## WHAT IS BEING ASKED:
Nothing outside the range below should be printed. Output exactly the lines from the line with "Definition locally_trivial : Prop" to the line with "Definition split_epi (f", both included.

## INPUT DATA:
========================
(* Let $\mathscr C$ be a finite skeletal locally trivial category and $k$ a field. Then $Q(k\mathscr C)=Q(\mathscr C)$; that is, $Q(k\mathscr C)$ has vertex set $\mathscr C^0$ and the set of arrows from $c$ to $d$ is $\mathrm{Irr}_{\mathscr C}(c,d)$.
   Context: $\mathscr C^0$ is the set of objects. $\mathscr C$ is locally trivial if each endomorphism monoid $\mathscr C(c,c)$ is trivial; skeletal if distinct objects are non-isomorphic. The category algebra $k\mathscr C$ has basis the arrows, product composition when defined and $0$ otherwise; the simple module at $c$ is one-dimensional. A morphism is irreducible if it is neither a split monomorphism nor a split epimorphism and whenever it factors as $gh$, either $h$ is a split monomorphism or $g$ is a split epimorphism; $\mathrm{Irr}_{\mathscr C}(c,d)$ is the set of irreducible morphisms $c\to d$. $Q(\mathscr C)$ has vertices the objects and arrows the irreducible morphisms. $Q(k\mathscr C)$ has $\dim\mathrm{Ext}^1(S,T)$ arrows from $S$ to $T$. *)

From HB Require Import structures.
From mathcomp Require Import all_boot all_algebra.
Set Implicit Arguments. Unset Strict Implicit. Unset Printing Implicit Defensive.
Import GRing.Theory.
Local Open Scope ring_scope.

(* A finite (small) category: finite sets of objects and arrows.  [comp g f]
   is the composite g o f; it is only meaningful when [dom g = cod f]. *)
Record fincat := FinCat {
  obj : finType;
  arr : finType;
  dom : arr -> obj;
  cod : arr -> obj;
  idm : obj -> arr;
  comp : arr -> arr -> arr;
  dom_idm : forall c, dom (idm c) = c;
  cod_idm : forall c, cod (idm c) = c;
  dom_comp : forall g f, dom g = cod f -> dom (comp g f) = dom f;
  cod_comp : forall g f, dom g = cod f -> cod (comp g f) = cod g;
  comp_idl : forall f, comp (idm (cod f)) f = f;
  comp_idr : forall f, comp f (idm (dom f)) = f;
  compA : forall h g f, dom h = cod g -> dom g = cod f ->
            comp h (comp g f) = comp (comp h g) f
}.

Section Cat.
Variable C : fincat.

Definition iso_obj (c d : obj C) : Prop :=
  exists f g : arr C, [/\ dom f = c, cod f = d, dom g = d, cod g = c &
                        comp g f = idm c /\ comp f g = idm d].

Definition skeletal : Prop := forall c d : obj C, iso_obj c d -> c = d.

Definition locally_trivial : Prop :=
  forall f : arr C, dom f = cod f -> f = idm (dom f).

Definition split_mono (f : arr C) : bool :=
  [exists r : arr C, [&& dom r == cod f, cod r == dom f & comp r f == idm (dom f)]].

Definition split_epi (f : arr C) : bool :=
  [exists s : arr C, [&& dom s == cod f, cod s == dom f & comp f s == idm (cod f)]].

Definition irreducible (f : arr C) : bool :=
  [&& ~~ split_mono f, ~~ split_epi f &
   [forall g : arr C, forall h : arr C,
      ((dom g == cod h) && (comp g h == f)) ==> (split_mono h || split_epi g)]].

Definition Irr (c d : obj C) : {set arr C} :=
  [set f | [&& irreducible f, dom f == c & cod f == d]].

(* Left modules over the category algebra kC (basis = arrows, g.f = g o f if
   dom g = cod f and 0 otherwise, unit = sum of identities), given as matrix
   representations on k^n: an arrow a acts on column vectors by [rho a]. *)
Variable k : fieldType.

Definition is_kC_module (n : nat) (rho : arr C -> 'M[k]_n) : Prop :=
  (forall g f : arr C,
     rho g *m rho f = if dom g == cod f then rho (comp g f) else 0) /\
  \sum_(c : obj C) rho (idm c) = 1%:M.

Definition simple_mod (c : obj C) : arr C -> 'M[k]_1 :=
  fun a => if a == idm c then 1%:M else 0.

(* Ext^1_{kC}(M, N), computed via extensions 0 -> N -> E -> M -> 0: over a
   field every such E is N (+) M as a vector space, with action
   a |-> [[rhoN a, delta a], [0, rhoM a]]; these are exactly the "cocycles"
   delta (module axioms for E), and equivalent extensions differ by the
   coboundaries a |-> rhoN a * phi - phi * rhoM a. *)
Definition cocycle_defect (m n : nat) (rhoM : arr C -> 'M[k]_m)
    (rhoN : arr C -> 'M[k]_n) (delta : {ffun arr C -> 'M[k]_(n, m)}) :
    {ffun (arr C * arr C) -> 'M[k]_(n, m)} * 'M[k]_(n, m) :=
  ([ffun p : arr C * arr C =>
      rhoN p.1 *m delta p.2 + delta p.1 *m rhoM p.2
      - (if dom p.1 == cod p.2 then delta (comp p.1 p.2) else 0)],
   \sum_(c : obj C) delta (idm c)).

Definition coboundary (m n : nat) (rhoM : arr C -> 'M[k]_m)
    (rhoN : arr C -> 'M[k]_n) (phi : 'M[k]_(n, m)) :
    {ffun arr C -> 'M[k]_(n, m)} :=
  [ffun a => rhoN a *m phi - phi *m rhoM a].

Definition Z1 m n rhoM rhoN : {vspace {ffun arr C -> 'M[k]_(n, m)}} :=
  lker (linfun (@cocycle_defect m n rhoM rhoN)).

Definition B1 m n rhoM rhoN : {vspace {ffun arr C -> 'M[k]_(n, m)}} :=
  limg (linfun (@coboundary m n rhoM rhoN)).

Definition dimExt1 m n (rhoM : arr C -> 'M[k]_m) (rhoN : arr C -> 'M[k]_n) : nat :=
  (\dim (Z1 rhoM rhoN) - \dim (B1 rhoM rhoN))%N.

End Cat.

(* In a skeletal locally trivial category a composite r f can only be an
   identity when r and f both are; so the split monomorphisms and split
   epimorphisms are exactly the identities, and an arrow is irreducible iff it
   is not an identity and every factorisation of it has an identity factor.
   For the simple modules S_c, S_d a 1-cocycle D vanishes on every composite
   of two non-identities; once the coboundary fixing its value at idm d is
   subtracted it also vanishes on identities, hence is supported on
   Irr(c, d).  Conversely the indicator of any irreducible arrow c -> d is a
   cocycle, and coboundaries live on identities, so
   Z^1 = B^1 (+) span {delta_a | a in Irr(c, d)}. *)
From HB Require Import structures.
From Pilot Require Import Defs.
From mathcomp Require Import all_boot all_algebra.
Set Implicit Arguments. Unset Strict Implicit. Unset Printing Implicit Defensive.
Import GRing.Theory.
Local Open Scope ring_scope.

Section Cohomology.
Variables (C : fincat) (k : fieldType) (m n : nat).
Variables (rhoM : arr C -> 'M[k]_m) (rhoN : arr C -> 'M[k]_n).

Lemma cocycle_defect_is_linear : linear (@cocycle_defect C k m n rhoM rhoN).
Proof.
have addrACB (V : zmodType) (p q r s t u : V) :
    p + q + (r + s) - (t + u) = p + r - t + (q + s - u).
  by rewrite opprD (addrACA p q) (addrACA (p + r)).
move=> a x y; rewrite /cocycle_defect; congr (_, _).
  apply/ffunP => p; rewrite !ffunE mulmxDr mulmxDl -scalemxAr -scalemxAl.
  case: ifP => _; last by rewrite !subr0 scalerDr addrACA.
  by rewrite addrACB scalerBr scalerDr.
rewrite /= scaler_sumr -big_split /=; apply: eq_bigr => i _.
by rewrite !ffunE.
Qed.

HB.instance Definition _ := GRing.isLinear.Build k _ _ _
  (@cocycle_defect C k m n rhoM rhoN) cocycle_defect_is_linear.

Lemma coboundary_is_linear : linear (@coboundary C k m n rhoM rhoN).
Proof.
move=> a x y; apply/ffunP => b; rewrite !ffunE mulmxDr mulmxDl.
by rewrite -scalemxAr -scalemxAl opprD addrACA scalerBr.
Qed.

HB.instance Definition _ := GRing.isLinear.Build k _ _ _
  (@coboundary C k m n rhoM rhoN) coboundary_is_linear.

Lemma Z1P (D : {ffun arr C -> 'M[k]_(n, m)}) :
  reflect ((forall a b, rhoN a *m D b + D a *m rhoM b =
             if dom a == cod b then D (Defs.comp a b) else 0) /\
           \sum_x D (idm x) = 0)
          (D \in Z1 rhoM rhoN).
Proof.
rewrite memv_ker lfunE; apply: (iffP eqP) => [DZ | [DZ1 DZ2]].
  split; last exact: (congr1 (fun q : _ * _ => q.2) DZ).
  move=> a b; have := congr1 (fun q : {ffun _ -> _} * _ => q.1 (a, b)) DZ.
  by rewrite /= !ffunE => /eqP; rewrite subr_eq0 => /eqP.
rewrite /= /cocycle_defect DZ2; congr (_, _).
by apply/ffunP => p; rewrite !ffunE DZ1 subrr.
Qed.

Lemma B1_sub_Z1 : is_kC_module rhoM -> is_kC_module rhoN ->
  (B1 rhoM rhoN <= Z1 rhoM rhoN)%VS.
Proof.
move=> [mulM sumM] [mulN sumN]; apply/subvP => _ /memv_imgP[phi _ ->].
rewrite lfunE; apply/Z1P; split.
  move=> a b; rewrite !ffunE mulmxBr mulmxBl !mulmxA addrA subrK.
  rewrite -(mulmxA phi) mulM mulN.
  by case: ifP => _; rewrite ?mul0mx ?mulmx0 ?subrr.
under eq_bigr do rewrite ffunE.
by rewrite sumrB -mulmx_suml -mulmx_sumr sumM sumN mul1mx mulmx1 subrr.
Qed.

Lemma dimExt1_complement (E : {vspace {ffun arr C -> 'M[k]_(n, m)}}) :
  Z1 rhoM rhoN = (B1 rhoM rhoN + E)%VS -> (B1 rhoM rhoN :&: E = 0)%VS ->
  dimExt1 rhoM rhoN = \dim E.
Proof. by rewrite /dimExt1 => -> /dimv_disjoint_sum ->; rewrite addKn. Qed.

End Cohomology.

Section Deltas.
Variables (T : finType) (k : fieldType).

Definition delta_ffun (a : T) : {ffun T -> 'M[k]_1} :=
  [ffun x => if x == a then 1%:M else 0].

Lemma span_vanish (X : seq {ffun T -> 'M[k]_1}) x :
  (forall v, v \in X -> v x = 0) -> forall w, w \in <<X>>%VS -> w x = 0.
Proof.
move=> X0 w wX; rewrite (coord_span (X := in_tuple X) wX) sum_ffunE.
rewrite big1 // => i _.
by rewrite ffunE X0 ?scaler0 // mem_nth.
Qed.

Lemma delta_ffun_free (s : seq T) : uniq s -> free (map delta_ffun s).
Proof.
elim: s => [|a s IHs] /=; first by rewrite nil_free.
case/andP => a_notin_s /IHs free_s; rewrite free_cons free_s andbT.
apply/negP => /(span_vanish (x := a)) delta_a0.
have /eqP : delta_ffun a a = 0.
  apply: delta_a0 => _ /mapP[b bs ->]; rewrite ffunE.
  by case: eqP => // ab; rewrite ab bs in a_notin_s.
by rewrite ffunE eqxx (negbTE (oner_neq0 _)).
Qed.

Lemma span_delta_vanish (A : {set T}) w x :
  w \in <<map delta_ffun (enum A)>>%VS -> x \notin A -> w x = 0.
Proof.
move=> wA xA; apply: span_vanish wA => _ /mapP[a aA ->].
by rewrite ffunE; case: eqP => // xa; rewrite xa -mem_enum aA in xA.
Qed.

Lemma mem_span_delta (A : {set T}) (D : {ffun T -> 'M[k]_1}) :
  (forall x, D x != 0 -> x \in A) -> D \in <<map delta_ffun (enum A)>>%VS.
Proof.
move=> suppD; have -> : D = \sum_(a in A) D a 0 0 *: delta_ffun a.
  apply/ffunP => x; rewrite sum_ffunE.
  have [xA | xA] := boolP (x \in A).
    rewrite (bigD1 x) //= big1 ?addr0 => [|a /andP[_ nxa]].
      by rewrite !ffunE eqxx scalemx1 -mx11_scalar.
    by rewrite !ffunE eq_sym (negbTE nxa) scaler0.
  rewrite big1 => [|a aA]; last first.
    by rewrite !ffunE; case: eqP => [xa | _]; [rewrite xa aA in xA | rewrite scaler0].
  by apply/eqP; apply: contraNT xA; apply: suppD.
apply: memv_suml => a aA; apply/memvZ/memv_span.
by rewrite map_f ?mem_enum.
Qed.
========================
## EXERCISE OUTPUT:
Definition locally_trivial : Prop :=
  forall f : arr C, dom f = cod f -> f = idm (dom f).

Definition split_mono (f : arr C) : bool :=
  [exists r : arr C, [&& dom r == cod f, cod r == dom f & comp r f == idm (dom f)]].

Definition split_epi (f : arr C) : bool :=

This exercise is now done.